Crystallization Behavior of ZBLAN Glass Under Combined Thermal and Vibrational Effects: Part I -- Experimental Investigation

TL;DR

This study experimentally investigates how mechanical vibration influences the crystallization behavior of ZBLAN glass, revealing that vibration accelerates nucleation and alters crystal morphology, which impacts optical fiber processing.

Contribution

It provides the first systematic experimental analysis of vibration effects on ZBLAN crystallization under normal gravity, highlighting vibration as a nucleation facilitator.

Findings

Vibration lowers crystallization onset temperature.

Morphological transition from needle-like to feather-like crystals.

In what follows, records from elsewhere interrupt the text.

(* Drop the abundance condition and assume instead only $\mu\ge1/n(\boldsymbol h)$. Then for every $\boldsymbol m\in[0,1]^2$ there is an equilibrium, and every equilibrium maximizes total output over feasible allocations. Moreover: (a) If $\boldsymbol m\in R_s\cup R_t$ or $\boldsymbol m\in R_b\cap K$, then the following is an equilibrium: $r^*=F(\boldsymbol m)$, $w^*=\max\{\bar w_s,\bar w_b,\bar w_t\}$, and the allocation is $\alpha_s^*=1,\mu_s^*=\mu$ if $\boldsymbol m\in R_s$; $\alpha_b^*=1,\mu_b^*=n(\boldsymbol m),\mu_s^*=\mu-n(\boldsymbol m)$ if $\boldsymbol m\in R_b\cap K$; $\alpha_t^*=1,\mu_t^*=1/n(\boldsymbol h),\mu_s^*=\mu-1/n(\boldsymbol h)$ if $\boldsymbol m\in R_t$. (b) If $\boldsymbol m\in R_b\cap K^c\cap R_m$, then only $b$ and $t$ firms form: $\alpha_b^*+\alpha_t^*=1$, $\mu_b^*+\mu_t^*=\mu$ with $\mu_b^*=\alpha_b^*n(\boldsymbol m)$, $\mu_t^*=\alpha_t^*/n(\boldsymbol h)$, and the prices are $r^*=F(\boldsymbol m)+\frac{n(\boldsymbol h)(\bar w_b-\bar w_t)}{n(\boldsymbol m)n(\boldsymbol h)-1}$, $w^*=\bar w_b-\frac{n(\boldsymbol m)n(\boldsymbol h)(\bar w_b-\bar w_t)}{n(\boldsymbol m)n(\boldsymbol h)-1}$. (c) If $\boldsymbol m\in R_b\cap K^c\cap R_m^c$, then only $b$ and single-layer non-automated firms form: $\alpha_b^*=\mu/n(\boldsymbol m)$, $\alpha_s^*=1-\alpha_b^*$, $\mu_b^*=\mu$, with prices $r^*=F(\boldsymbol m\vee\boldsymbol h)-F(\boldsymbol h)/n(\boldsymbol m)$ and $w^*=F(\boldsymbol h)$.
   Context: Fix a cumulative distribution function $F$ on $[0,1]^2$ with a density $f$ that has full support on $[0,1]^2$; a problem $\boldsymbol x$ is drawn from $F$. Fix $c\in(0,1)$, human knowledge $\boldsymbol h\in(0,1)^2$ (unit mass of humans, one unit of time each), and a mass $\mu>0$ of machines with common knowledge $\boldsymbol m\in[0,1]^2$ (one unit of time each). Write $\boldsymbol x\vee\boldsymbol y$ for the componentwise maximum and, for $F(\boldsymbol x)<1$, $n(\boldsymbol x)=\frac{1}{c(1-F(\boldsymbol x))}$. Given wage $w\ge0$ and rental rate $r\ge0$, firm types and profits: single-layer non-automated $F(\boldsymbol h)-w$; single-layer automated $F(\boldsymbol m)-r$; bottom-automated $b$ (one human solver, $n(\boldsymbol m)$ machine workers; available only when $F(\boldsymbol m)<1$) $\Pi_b=n(\boldsymbol m)[F(\boldsymbol m\vee\boldsymbol h)-r]-w$; top-automated $t$ (one machine solver, $n(\boldsymbol h)$ human workers) $\Pi_t=n(\boldsymbol h)[F(\boldsymbol m\vee\boldsymbol h)-w]-r$. A feasible allocation is $(\alpha_s,\alpha_b,\alpha_t,\mu_s,\mu_b,\mu_t)\ge0$ with $\mu_b=\alpha_bn(\boldsymbol m)$, $\mu_t=\alpha_t/n(\boldsymbol h)$, $\alpha_s+\alpha_b+\alpha_t=1$, $\mu_s+\mu_b+\mu_t=\mu$; total output $Y=\alpha_bn(\boldsymbol m)F(\boldsymbol m\vee\boldsymbol h)+\alpha_tF(\boldsymbol m\vee\boldsymbol h)+\alpha_sF(\boldsymbol h)+\mu_sF(\boldsymbol m)$. An equilibrium is a feasible allocation and prices $(w,r)\ge0$ such that all firm types have nonpositive profit and types used with positive mass earn zero profit. Define $\bar w_s=F(\boldsymbol h)$, $\bar w_b=n(\boldsymbol m)(F(\boldsymbol m\vee\boldsymbol h)-F(\boldsymbol m))$ (with $\bar w_b:=0$ if $F(\boldsymbol m)=1$), $\bar w_t=F(\boldsymbol m\vee\boldsymbol h)-F(\boldsymbol m)/n(\boldsymbol h)$; $R_s=\{\boldsymbol m:\bar w_s\ge\max\{\bar w_b,\bar w_t\}\}$, $R_b=\{\boldsymbol m:\bar w_b>\max\{\bar w_s,\bar w_t\}\}$, $R_t=[0,1]^2\setminus(R_s\cup R_b)$; $K=\{\boldsymbol m\in[0,1]^2:F(\boldsymbol m)<1,\ \mu\ge n(\boldsymbol m)\}$; $R_m=\{\boldsymbol m\in[0,1]^2:\bar w_b-\bar w_s\le n(\boldsymbol m)n(\boldsymbol h)(\bar w_t-\bar w_s)\}$. Complements are taken in $[0,1]^2$. *)

From HB Require Import structures.
From mathcomp Require Import all_boot all_order all_algebra.
From mathcomp Require Import all_classical all_reals all_analysis.
Set Implicit Arguments. Unset Strict Implicit. Unset Printing Implicit Defensive.
Import Order.TTheory GRing.Theory Num.Theory.
Import numFieldNormedType.Exports.
Local Open Scope classical_set_scope.
Local Open Scope ring_scope.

Increased surface roughness correlates with crystallization.

Abstract

ZBLAN glass is a promising material for infrared optical fibers due to its wide transmission window and low theoretical attenuation. However, its strong tendency to crystallize during processing limits optical performance. While microgravity environments have been shown to suppress crystallization, the role of mechanical vibration under normal gravity conditions remains poorly understood. This study systematically investigates the influence of vibration on the crystallization behavior of ZBLAN using a controlled heating and vibration apparatus. Samples were subjected to varied thermal and vibrational conditions, and their crystallization onset and morphological evolution were examined through optical microscopy, scanning electron microscopy (SEM), energy dispersive X-ray spectroscopy (EDS), and atomic force microscopy (AFM). Results show that vibration reduces the crystallization onset temperature, indicating enhanced atomic mobility and nucleation kinetics. Progressive morphological transitions from needle-like to bow-tie and feather-like crystals were observed with increasing temperature and vibration intensity. Surface roughness analysis corroborates these findings, revealing a significant increase in nanoscale roughness in crystallized regions. Although brief exposure duration and partial thermal decoupling introduced variability among samples, the overall results confirm that vibration acts as a direct facilitator of nucleation rather than a purely thermal effect. This work provides new insight into vibration-induced crystallization in fluoride glasses and establishes the experimental foundation for follow-up modeling and apparatus optimization studies under terrestrial and microgravity conditions.